##### Record excerpts #####
Lemma tdc_ins_first C :
  {in C &, forall p p', size (val p) = size (val p') %[mod t.+1]} -> tdc t (ins_first t C).
Proof.
move=> C_mod; apply/tdcP => x y s /ins_firstP[p pC px] /ins_firstP[p' p'C p'y] sx sy.
have /andP[xS _] := px; have /andP[yS _] := p'y.
have eq_size : size (val x) = size (val y).
  have := size_ball_del sx; have := size_ball_del sy.
  set n := size (val x); set n' := size (val y) => n'_s n_s.
  apply: (@eq_of_mod_close t); [rewrite /n /n' | lia | lia].
  by rewrite (size_S_ins xS) (size_S_ins yS) -modnDmr (C_mod p p') // modnDmr.
have eq_base : p = p'.
  apply: val_inj; rewrite -(drop_S_ins xS) -(drop_S_ins yS).
  by rewrite -(drop_ball_del sx) -(drop_ball_del sy) eq_size.
by rewrite eq_base in px; apply: first_ins_unique px p'y.
Qed.

End FirstInsertion.

Section BaseCode.

Variables q t : nat.
Implicit Types (p x : PP q).

Lemma mem_C_base p :
  (p \in C_base q t) = (size (val p) <= q - t) && (t.+1 %| q - t - size (val p)).
Proof.
have := size_pp_gt0 p; rewrite inE; set n := size (val p) => n_gt0.
apply/existsP/andP => [[i /eqP ->]|[n_le /dvdnP[i Ei]]].
  have := ltn_ord i; rewrite ltnS leq_divRL // => i_le.
  by split; [lia | apply/dvdnP; exists i; lia].
have i_lt : i < ((q - t - 1) %/ t.+1).+1 by rewrite ltnS leq_divRL //; lia.
by exists (Ordinal i_lt); apply/eqP => /=; lia.
Qed.

Lemma C_base_mod : {in C_base q t &, forall p p', size (val p) = size (val p') %[mod t.+1]}.
Proof.
have base_mod p : p \in C_base q t -> q - t = size (val p) %[mod t.+1].
  by rewrite mem_C_base => /andP[p_le p_dvd]; apply/eqP; rewrite eqn_mod_dvd.
by move=> p p' /base_mod <- /base_mod <-.
Qed.

Lemma C_base_short : {in C_base q t, forall p, t + size (val p) <= q}.
Proof.
move=> p; have := size_pp_gt0 p; rewrite mem_C_base.
by set n := size (val p) => n_gt0 /andP[n_le _]; lia.
Qed.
#####
* [About this task]:
Transcribe the records above exactly, beginning at the line that contains "apply: (@eq_of_mod_close t);" and ending with the line that contains "apply: val_inj; rewrite", both included, and nothing else.

* [Your solution]:
  apply: (@eq_of_mod_close t); [rewrite /n /n' | lia | lia].
  by rewrite (size_S_ins xS) (size_S_ins yS) -modnDmr (C_mod p p') // modnDmr.
have eq_base : p = p'.
  apply: val_inj; rewrite -(drop_S_ins xS) -(drop_S_ins yS).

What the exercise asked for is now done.